Lemma closed_fun_eq (g : 'rV[R]_d -> R) c : continuous g -> closed [set u | g u = c].
Proof.
by move=> g_cont; apply: (@preimage_closed _ _ _ [set y | y = c]) => [u _|];
  [exact: g_cont | exact: closed_eq].
Qed.

Lemma bounded_closed_compact_le A B : closed A -> (forall u, A u -> `|u| <= B) -> compact A.
Proof.
move=> A_closed A_le; apply: bounded_closed_compact => //.
exists B; split; first exact: num_real.
by move=> M BM u Au; apply: le_trans (A_le u Au) (ltW BM).
Qed.

Lemma compact_pos_lb A (h : 'rV[R]_d -> R) B :
  closed A -> (forall u, A u -> `|u| <= B) -> continuous h ->
  (forall u, A u -> 0 < h u) -> exists2 c, 0 < c & forall u, A u -> c <= h u.
Proof.
move=> A_closed A_le h_cont h_gt0.
have [[u0 Au0]|A0] := pselect (A !=set0); last by exists 1 => // u Au; case: A0; exists u.
have [u Au min_u] := EVT_min_rV (ex_intro _ u0 Au0)
  (bounded_closed_compact_le A_closed A_le) (continuous_subspaceT h_cont).
rewrite inE in Au; exists (h u); first exact: h_gt0.
by move=> v Av; apply: min_u; rewrite inE.
Qed.

Lemma closed_nearest A u : closed A -> A !=set0 ->
  exists2 w, A w & forall w', A w' -> `|u - w| <= `|u - w'|.
Proof.
move=> A_closed [w0 Aw0].
pose A0 := A `&` [set w | `|u - w| <= `|u - w0|].
have A0_closed : closed A0 by apply: closedI => //; exact/closed_fun_le/normB_continuous.
have A0_le w : A0 w -> `|w| <= `|u| + `|u - w0|.
  move=> [_ uw]; apply: le_trans (lerD (lexx `|u|) uw).
  by apply: le_trans (ler_normB _ _); rewrite opprB addrC subrK.
have [w A0w min_w] := EVT_min_rV (ex_intro _ w0 (conj Aw0 (lexx _)))
  (bounded_closed_compact_le A0_closed A0_le) (continuous_subspaceT (@normB_continuous u)).
rewrite inE in A0w; case: A0w => Aw uw; exists w => // w' Aw'.
have [uw'|uw'] := leP `|u - w'| `|u - w0|; first by apply: min_w; rewrite inE.
exact: le_trans uw (ltW uw').
Qed.

End RowTopology.

Section MaxAffine.
Variables (R : realType) (d : nat) (K : finType) (ab : K -> 'rV[R]_d * R)
  (F : 'rV[R]_d -> R).
Hypotheses (F_ge : forall k u, affine (ab k) u <= F u)
  (F_ex : forall u, exists k, affine (ab k) u = F u).
Implicit Types (u v w z : 'rV[R]_d) (A : {set K}).

Local Notation a k := (ab k).1.

Definition act u : {set K} := [set k | affine (ab k) u == F u].

Lemma act_nonempty u : exists k, k \in act u.
Proof. by have [k Fk] := F_ex u; exists k; rewrite inE Fk. Qed.

Definition lip_const : R := \sum_k l1norm (a k).

Lemma lip_const_ge0 : 0 <= lip_const.
Proof. by apply: sumr_ge0 => k _; exact: l1norm_ge0. Qed.

Lemma normr_dot_le_lip k u : `|dot (a k) u| <= lip_const * `|u|.
Proof.
apply: le_trans (normr_dot_le _ _) _; rewrite ler_wpM2r // /lip_const.
by rewrite (bigD1 k) //= lerDl; apply: sumr_ge0 => j _; exact: l1norm_ge0.
Qed.

Lemma max_affine_lipschitz u v : F u - F v <= lip_const * `|u - v|.
Proof.
have [k <-] := F_ex u; have := F_ge k v; rewrite -[affine _ u](subrK (affine (ab k) v)).
rewrite affineB; have := ler_norm (dot (a k) (u - v)).
by have := normr_dot_le_lip k (u - v); lra.
Qed.

Lemma max_affine_continuous : continuous F.
Proof. exact: lipschitz_continuous lip_const_ge0 max_affine_lipschitz. Qed.

(* An inactive piece lies a positive gap below the Lipschitz function [F], hence stays
   below it within a radius proportional to that gap. *)
Lemma act_sub_near u : exists2 e, 0 < e & forall v, `|v - u| < e -> act v \subset act u.
Proof.
pose P k e := k \notin act u -> forall v, `|v - u| < e -> k \notin act v.
have [|k|e e_gt0 Pe] := @fin_uniform_pos _ _ P.
- by move=> k e e' /andP[_ e'e] Pk ku v uv; apply: Pk => //; exact: lt_le_trans e'e.
- have [ku|ku] := boolP (k \in act u); first by exists 1 => //; rewrite /P ku.
  have gap_gt0 : 0 < F u - affine (ab k) u.
    by rewrite inE in ku; rewrite subr_gt0 lt_neqAle ku F_ge.
  have L1_gt0 : 0 < 2 * lip_const + 1 by rewrite ltr_wpDl // mulr_ge0 // lip_const_ge0.
  exists ((F u - affine (ab k) u) / (2 * lip_const + 1)); first exact: divr_gt0.
  move=> _ v; rewrite ltr_pdivlMr // => uv; rewrite inE lt_eqF //.
  have := max_affine_lipschitz u v; rewrite distrC -[affine _ v](subrK (affine (ab k) u)).
  rewrite affineB; have := ler_norm (dot (a k) (v - u)); have := normr_dot_le_lip k (v - u).
  have := lip_const_ge0; nra.
- exists e => // v uv; apply/fintype.subsetP => k; apply: contraLR => ku; exact: Pe.
Qed.

Lemma max_affine_near u z : exists2 t, 0 < t & forall s, 0 <= s <= t ->
  exists2 k, k \in act u & F (u + s *: z) = F u + s * dot (a k) z.
Proof.
have [e e_gt0 near_u] := act_sub_near u.
have z1_gt0 : 0 < `|z| + 1 by rewrite ltr_wpDl.
exists (e / (`|z| + 1)) => [|s /andP[s_ge0 s_le]]; first exact: divr_gt0.
have [k kv] := act_nonempty (u + s *: z).
have ku : k \in act u.
  apply: (fintype.subsetP (near_u _ _)) kv; rewrite addrC addKr normrZ ger0_norm //.
  apply: le_lt_trans (ler_wpM2r (normr_ge0 z) s_le) _.
  by rewrite mulrAC ltr_pdivrMr // ltr_pM2l //; lra.
exists k => //; move: kv ku; rewrite !inE => /eqP <- /eqP <-.
by rewrite affineD dotZ.
Qed.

══════

** HOW TO COMPLETE THIS TASK **
If a line above includes the string "case", pick it out.

** EXERCISE RESULT **
have [[u0 Au0]|A0] := pselect (A !=set0); last by exists 1 => // u Au; case: A0; exists u.
rewrite inE in A0w; case: A0w => Aw uw; exists w => // w' Aw'.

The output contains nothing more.